The liability side of the enterprise’s balance sheet shows the sources of formation of economic assets:

  • profit on accounts 84 and 99;
  • authorized capital on account 80;
  • reserve capital on account 82;
  • additional capital on account 83;
  • long-term loans and borrowings on account 67;
  • short-term loans on account 66;
  • accounts payable on accounts 60; 76; 70; 68 and 69.

It is important to note that the assets and liabilities of the balance sheet reflect different aspects of accounting for economic assets; they are interrelated. That is, when an asset increases by a certain amount, it is necessary to increase the liability by the same amount. This principle of increasing amounts also applies to liabilities.

How are the assets and liabilities of the balance sheet formed?

Let's look at it in more detail using an example.
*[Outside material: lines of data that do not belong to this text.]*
(* the subgroup < P_n(D), beta > of B_n(D), as a set of words closed under braid_eq *)
Inductive in_PB (n : nat) (beta : word) : word -> Prop :=
| pb_pure w : pure_braid n w -> in_PB n beta w
| pb_gen : valid_word n beta -> in_PB n beta beta
| pb_mul u v : in_PB n beta u -> in_PB n beta v -> in_PB n beta (u ++ v)
| pb_inv u : in_PB n beta u -> in_PB n beta (inv_word u)
| pb_eq u v : in_PB n beta u -> braid_eq n u v -> in_PB n beta v.

(* a subgroup H of B_n (given as a braid_eq-closed set of words) is bi-orderable:
   there is a strict total order on H (well defined on B_n-classes) invariant
   under left and right multiplication by elements of H *)
Definition bi_orderable_sub (n : nat) (H : word -> Prop) : Prop :=
  exists lt : word -> word -> Prop,
    (forall u u' v v', H u -> H v -> braid_eq n u u' -> braid_eq n v v' ->
           lt u v -> lt u' v') /\
        (forall u, H u -> ~ lt u u) /\
        (forall u v w, H u -> H v -> H w -> lt u v -> lt v w -> lt u w) /\
        (forall u v, H u -> H v -> ~ braid_eq n u v -> (lt u v \/ lt v u)) /\
        (forall g u v, H g -> H u -> H v -> lt u v -> lt (g ++ u) (g ++ v)) /\
        (forall g u v, H g -> H u -> H v -> lt u v -> lt (u ++ g) (v ++ g)).

(* The braid x = sigma_1^2 sigma_(i-1)^-2 is pure and nontrivial: strands 1 and 2
   cross twice in it, and signed crossing counts between pairs of strands are
   invariant under the braid relations.  Conjugation by Delta_i maps sigma_k to
   sigma_(i-k), hence maps x to sigma_(i-1)^2 sigma_1^-2 = x^-1.  A bi-order is
   preserved by conjugation, so x and x^-1 would lie on the same side of 1. *)

From Stdlib Require Import ZArith.
From mathcomp Require Import all_boot zify.
Set Implicit Arguments.

Section BraidCongruence.
Variable n : nat.

Lemma braid_eq_ctx a b x y :
  braid_eq n x y -> braid_eq n (a ++ x ++ b) (a ++ y ++ b).
Proof.
elim=> [w | u v _ | u v w _ IHuv _ IHvw | u x' y' v xy].
- exact: be_refl.
- exact: be_sym.
- exact: be_trans IHvw.
- by have := be_step (a ++ u) (v ++ b) xy; rewrite -!catA.
Qed.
Example 1. Let's say an enterprise purchased a fixed asset worth 500,000 rubles. for the production of semi-finished products.
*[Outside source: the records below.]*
(* Let $S$ be a statement in Yul source syntax (expressions count as statements), $G$ a global environment, $L$ a local state and $\mathcal{N}$ a namespace, and let $S_{ret}$ range over $v \mid \langle\vec v\rangle \mid \mathbb{M}$ (a value, a tuple of values, or a mode). If $\langle S \mid G; L; \mathcal{N}\rangle \Downarrow \langle S_{ret} \mid G'; L'; \mathcal{N}'\rangle$ then $\langle S \mid G; L; \mathcal{N}\rangle \to^* \langle S_{ret} \mid G'; L'; \mathcal{N}'\rangle$.
   Context: Yul syntax. Fix (dialect-specific) values $u,v,c$, variables $x,y,z,f$, and opcodes $op$. Expressions: $M ::= f(M_1,\dots,M_n) \mid op(M_1,\dots,M_n) \mid x \mid v$. Statements: $S ::= \{S^*\} \mid \mathsf{function}\ f(\vec y) \to \vec z\ \{S^*\} \mid \mathsf{let}\ \vec x := M \mid \vec x := M \mid M \mid \mathsf{if}\ M\ \{S^*\} \mid \mathsf{switch}\ M\ (\mathsf{case}\ c_i\ \{S^*\})^*\ \mathsf{default}\ \{S^*\} \mid \mathsf{for}\ \{S^*\}\ M\ \{S^*\}\ \{S^*\} \mid \mathsf{break} \mid \mathsf{continue} \mid \mathsf{leave}$ (for-loop parts: init block, condition, post-iteration $S_p$, body $S_b$). These are the source-syntax statements. The dialect supplies $\mathsf{true}/\mathsf{false}$ predicates on values, external irregular modes $\mathcal{M}$, and an opcode relation $\langle op(v_1..v_n)\mid G\rangle\Downarrow_{\mathsf{opc}}\langle S'\mid G'\rangle$ ($G,G'$ global environments, $S'$ a tuple of values or external mode). Runtime syntax adds: modes $\mathbb{M} ::= \mathsf{regular}\mid\mathsf{break}\mid\mathsf{continue}\mid\mathsf{leave}\mid\mathcal{M}$; scoped blocks $\{S_1,..,S_n\}^{\mathcal{N}}_L$; catchers $\mathsf{Brk}[S]$, $\mathsf{Cnt}[S]$; call frames $\mathsf{Frame}^{\vec z}_L[S]$; tuples $\langle v_1..v_m\rangle$ with $\langle v\rangle=v$, $\langle\rangle=\mathsf{regular}$. Configurations $\langle S\mid G;L;\mathcal{N}\rangle$: $L$ finite map variables to values, $\mathcal{N}$ finite map function names to $(\vec y,\vec z,S_b)$. $L_1\upharpoonright L$: restriction to $\mathrm{dom}(L)$; $\uplus$ disjoint union; $\mathrm{funs}(\{S_1..S_n\})$ maps each function defined directly among the $S_i$ to its (parameters, returns, body); for $\mathcal{N}(f)=((y_1..y_n),(z_1..z_m),S_b)$, $L_f=\{y_i\mapsto v_i\}\uplus\{z_j\mapsto 0\}$. Big-step relations $\Downarrow$ (statements), $\Downarrow_{\mathsf{seq}}$ (sequences), $\Downarrow_{\mathsf{exp}}$ (expressions); in the claim, $\Downarrow$ on an expression means $\Downarrow_{\mathsf{exp}}$. Rules: (Block) if $\langle S_1,..,S_n\mid G;L;\mathcal{N}\uplus\mathcal{N}_1\rangle\Downarrow_{\mathsf{seq}}\langle\mathbb{M}\mid G_1;L_1;\mathcal{N}\uplus\mathcal{N}_1\rangle$ with $\mathcal{N}_1=\mathrm{funs}(\{S_1..S_n\})$ then $\langle\{S_1..S_n\}\mid G;L;\mathcal{N}\rangle\Downarrow\langle\mathbb{M}\mid G_1;L_1\upharpoonright L;\mathcal{N}\rangle$. (SeqEmpty) empty sequence $\Downarrow_{\mathsf{seq}}\mathsf{regular}$, unchanged. (SeqReg) $S_1\Downarrow\mathsf{regular}$ from $(G,L)$ to $(G_1,L_1)$ and $\vec S\Downarrow_{\mathsf{seq}}\mathbb{M}$ from $(G_1,L_1)$ to $(G_2,L_2)$ give $S_1,\vec S\Downarrow_{\mathsf{seq}}\mathbb{M}$ to $(G_2,L_2)$. (SeqIrreg) $S_1\Downarrow\mathbb{M}\in\{\mathsf{break},\mathsf{continue},\mathsf{leave}\}$ to $(G_1,L_1)$ gives $S_1,\vec S\Downarrow_{\mathsf{seq}}\mathbb{M}$ to $(G_1,L_1)$. (FunDef) function definitions $\Downarrow\mathsf{regular}$, unchanged. (Decl) if $M\Downarrow_{\mathsf{exp}}\langle\vec v\rangle$ from $(G,L)$ to $(G_1,L_1)$ and $\vec x\notin\mathrm{dom}(L)$ then $\mathsf{let}\ \vec x:=M\Downarrow\mathsf{regular}$ to $(G_1,L_1[\vec x\mapsto\vec v])$; assignment same with $\vec x\in\mathrm{dom}(L)$. (IfF) $M\Downarrow_{\mathsf{exp}}\mathsf{false}$ to $(G_0,L_0)$ gives $\mathsf{if}\ M\ S\Downarrow\mathsf{regular}$ to $(G_0,L_0)$. (IfT) $M\Downarrow_{\mathsf{exp}}\mathsf{true}$ to $(G_0,L_0)$ and $S\Downarrow\mathbb{M}$ to $(G_1,L_1)$ give $\mathsf{if}\ M\ S\Downarrow\mathbb{M}$ to $(G_1,L_1)$. (Switch) with cases $\mathsf{case}\ c_i\ S_i$: if $M\Downarrow_{\mathsf{exp}}v\notin\{c_1..c_n\}$ evaluate $S_d$; if $M\Downarrow_{\mathsf{exp}}c_k$ with $c_k\notin\{c_1..c_{k-1}\}$ evaluate $S_k$; result is the branch's. (ForInit) for $n>0$, $\mathsf{for}\ \{S_1..S_n\}\ M\ S_p\ S_b$ evaluates as $\{S_1..S_n\ \mathsf{for}\ \{\}\ M\ S_p\ S_b\}$. For $W=\mathsf{for}\ \{\}\ M\ S_p\ S_b$: (ForFalse) $M\Downarrow_{\mathsf{exp}}\mathsf{false}$ to $(G_1,L_1)$ gives $W\Downarrow\mathsf{regular}$ to $(G_1,L_1)$; (ForHalt1) $M$ true to $(G_1,L_1)$, $S_b\Downarrow\mathbb{M}_1$ to $(G_2,L_2)$ with $(\mathbb{M}_1,\mathbb{M}_2)\in\{(\mathsf{leave},\mathsf{leave}),(\mathsf{break},\mathsf{regular})\}$ give $W\Downarrow\mathbb{M}_2$ to $(G_2,L_2)$; (ForHalt2) $M$ true, $S_b\Downarrow\{\mathsf{regular}\text{ or }\mathsf{continue}\}$, $S_p\Downarrow\mathsf{leave}$ to $(G_3,L_3)$ give $W\Downarrow\mathsf{leave}$ to $(G_3,L_3)$; (ForLoop) $M$ true, $S_b\Downarrow\{\mathsf{regular}\text{ or }\mathsf{continue}\}$, $S_p\Downarrow\mathsf{regular}$ to $(G_3,L_3)$, and $W\Downarrow\mathbb{M}$ from $(G_3,L_3)$ to $(G_4,L_4)$ give $W\Downarrow\mathbb{M}$ to $(G_4,L_4)$. (Ident) $x\Downarrow_{\mathsf{exp}}L(x)$, unchanged. (FunCall) evaluate arguments right to left, $\langle M_n\mid G;L;\mathcal{N}\rangle\Downarrow_{\mathsf{exp}}\langle v_n\mid G_1;L_1;\mathcal{N}\rangle$, …, $\langle M_1\mid G_{n-1};L_{n-1};\mathcal{N}\rangle\Downarrow_{\mathsf{exp}}\langle v_1\mid G_n;L_n;\mathcal{N}\rangle$; if $\langle S_b\mid G_n;L_f;\mathcal{N}\rangle\Downarrow\langle\mathbb{M}\mid G'';L';\mathcal{N}\rangle$ then $\langle f(M_1..M_n)\mid G;L;\mathcal{N}\rangle\Downarrow_{\mathsf{exp}}\langle\langle L'(z_1)..L'(z_m)\rangle\mid G'';L_n;\mathcal{N}\rangle$. (OpcCall) same argument evaluation, and if $\langle op(v_1..v_n)\mid G_n\rangle\Downarrow_{\mathsf{opc}}\langle v'_1..v'_m\mid G''\rangle$ the result is $\langle\langle v'_1..v'_m\rangle\mid G'';L_n;\mathcal{N}\rangle$. Small-step: contexts $E ::= [\,]\mid\{E,\vec S\}^{\mathcal{N}}_L\mid\mathsf{let}\ \vec x:=E\mid\vec x:=E\mid E_e\mid\mathsf{Cnt}[E]\mid\mathsf{Brk}[E]\mid\mathsf{if}\ E_e\ \{S^*\}\mid\mathsf{switch}\ E_e\dots$, $E_e ::= [\,]\mid f(\vec M,E_e,\vec v)\mid op(\vec M,E_e,\vec v)\mid\mathsf{Frame}^{\vec x}_L[E]$. Base rules ($G$ unchanged except opcodes): $\langle\{S_1..S_n\}\mid L;\mathcal{N}\rangle\to\langle\{S_1,..,S_n\}^{\mathcal{N}}_L\mid L;\mathcal{N}\uplus\mathrm{funs}(\{S_1..S_n\})\rangle$ ($n>0$); $\{\}\to\mathsf{regular}$; $\{\mathsf{regular},\vec S\}^{\mathcal{N}}_L\to\{\vec S\}^{\mathcal{N}}_L$ ($\vec S$ nonempty); $\langle\{\mathsf{regular}\}^{\mathcal{N}}_L\mid L_1;\mathcal{N}_1\rangle\to\langle\mathsf{regular}\mid L_1\upharpoonright L;\mathcal{N}\rangle$; $\langle\{\mathbb{M},\vec S\}^{\mathcal{N}}_L\mid L_1;\mathcal{N}_1\rangle\to\langle\mathbb{M}\mid L_1\upharpoonright L;\mathcal{N}\rangle$ for $\mathbb{M}\in\{\mathsf{break},\mathsf{continue},\mathsf{leave}\}$; function definition $\to\mathsf{regular}$; $\langle\mathsf{let}\ \vec x:=\langle\vec v\rangle\mid L\rangle\to\langle\mathsf{regular}\mid L[\vec x\mapsto\vec v]\rangle$ if $\vec x\notin\mathrm{dom}(L)$, assignment with $\vec x\in\mathrm{dom}(L)$; $\mathsf{if}\ \mathsf{false}\ S\to\mathsf{regular}$; $\mathsf{if}\ \mathsf{true}\ S\to S$; $\mathsf{switch}\ v\dots\to S_d$ ($v\notin\{c_i\}$), $\mathsf{switch}\ c_k\dots\to S_k$ ($c_k\notin\{c_1..c_{k-1}\}$); $\mathsf{for}\ \{S_1..S_n\}\ M\ S_p\ S_b\to\{S_1..S_n\ \mathsf{for}\ \{\}\ M\ S_p\ S_b\}$ ($n>0$); $\mathsf{for}\ \{\}\ M\ S_p\ S_b\to\mathsf{Brk}[\mathsf{if}\ M\ \{\mathsf{Cnt}[S_b]\ S_p\ \mathsf{for}\ \{\}\ M\ S_p\ S_b\}]$; $\mathsf{Cnt}[\mathbb{M}]\to\mathbb{M}$ ($\mathbb{M}\in\{\mathsf{regular},\mathsf{break},\mathsf{leave}\}$), $\mathsf{Cnt}[\mathsf{continue}]\to\mathsf{regular}$; $\mathsf{Brk}[\mathbb{M}]\to\mathbb{M}$ ($\mathbb{M}\in\{\mathsf{regular},\mathsf{leave}\}$), $\mathsf{Brk}[\mathsf{break}]\to\mathsf{regular}$; $x\to L(x)$; $\langle f(\vec v)\mid L;\mathcal{N}\rangle\to\langle\mathsf{Frame}^{\vec z}_L[S_b]\mid L_f;\mathcal{N}\rangle$; $\langle\mathsf{Frame}^{z_1..z_m}_L[\mathbb{M}]\mid L';\mathcal{N}\rangle\to\langle\langle L'(z_1)..L'(z_m)\rangle\mid L;\mathcal{N}\rangle$ ($\mathbb{M}\in\{\mathsf{leave},\mathsf{regular}\}$); $\langle op(\vec v)\mid G;L;\mathcal{N}\rangle\to\langle S'\mid G';L;\mathcal{N}\rangle$ if $\langle op(\vec v)\mid G\rangle\Downarrow_{\mathsf{opc}}\langle S'\mid G'\rangle$. Top-level: $\langle E[S]\mid G;L;\mathcal{N}\rangle\to\langle E[S']\mid G';L';\mathcal{N}'\rangle$ whenever $\langle S\mid G;L;\mathcal{N}\rangle\to\langle S'\mid G';L';\mathcal{N}'\rangle$; and $\langle E[\mathcal{M}]\mid G;L;\mathcal{N}\rangle\to\langle\mathcal{M}\mid G';L';\mathcal{N}'\rangle$. $\to^*$ is reflexive-transitive closure. *)

From Stdlib Require Import String List.
Import ListNotations.
Set Implicit Arguments.

(** A Yul dialect: values, global environments, external irregular modes,
    opcodes, the true/false predicates on values, the value 0 (used to
    initialise return variables) and the opcode relation
    <op(v1..vn) | G> ⇓opc <S' | G'> where S' is a tuple of values (inl)
    or an external mode (inr). *)
Record dialect := Dialect {
  val : Type;
  gstate : Type;
  extmode : Type;
  opname : Type;
  vtrue : val -> Prop;
  vfalse : val -> Prop;
  vzero : val;
  opc : opname -> list val -> gstate -> (list val + extmode) -> gstate -> Prop
}.

Section Yul.
Variable D : dialect.

Definition var := string.
Definition locals := var -> option (val D).

Inductive mode :=
| MRegular | MBreak | MContinue | MLeave | MExt (e : extmode D).

(** Runtime syntax (source syntax is the fragment singled out by [is_source]).
    The statements break/continue/leave are the modes MBreak/MContinue/MLeave. *)
Inductive term :=
| TVal (v : val D)
| TVar (x : var)
| TCall (f : var) (args : list term)
| TOp (o : opname D) (args : list term)
| TBlock (ss : list term)
| TFunDef (f : var) (ys zs : list var) (body : list term)
| TLet (xs : list var) (e : term)
| TAssign (xs : list var) (e : term)
| TIf (c : term) (body : list term)
| TSwitch (e : term) (cases : list (val D * list term)) (dflt : list term)
| TFor (init : list term) (c : term) (post body : list term)
| TMode (m : mode)
| TScope (ss : list term) (N : var -> option (list var * list var * term)) (L : locals)
| TCnt (t : term)
| TBrk (t : term)
| TFrame (zs : list var) (L : locals) (t : term)
| TTuple (vs : list (val D)).

(** namespaces: function names -> (parameters, returns, body) *)
Definition ns := var -> option (list var * list var * term).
Fixed assets are reflected in the asset, that is, the amount of the enterprise’s asset increased by 500,000 rubles. The other side is that you need to pay the supplier 500,000 rubles for the fixed asset. The debt to the supplier is reflected in the liability, that is, the company's liability also increased by 500,000 rubles. Therefore, the main condition is met: Active = Passive

Example 2. Let’s say an enterprise has taken out a loan from a bank in the amount of 750,000 rubles.

The enterprise's debt to the bank is reflected in the liability, that is, the enterprise's liability increased by 750,000 rubles. The other side is that after transferring the received loan, the amount in the current account increased by 750,000 rubles. Cash in the company's current account is reflected in the asset, that is, the company's asset increased by 750,000 rubles. Therefore, the main condition is met: Active = Passive

Conclusion: Assets participate in economic activity enterprises to make a profit, and liabilities are sources of increasing assets, and must always be equal.

Accounting is perhaps the most complex topic, which an entrepreneur has to deal with. Of course, almost every organization employs a special employee for such calculations. However, in order to carry out the most successful activities, the director of the company himself must understand fundamental financial terms. For example: enterprise assets – what are they? What are they? And what is the formula for calculating them?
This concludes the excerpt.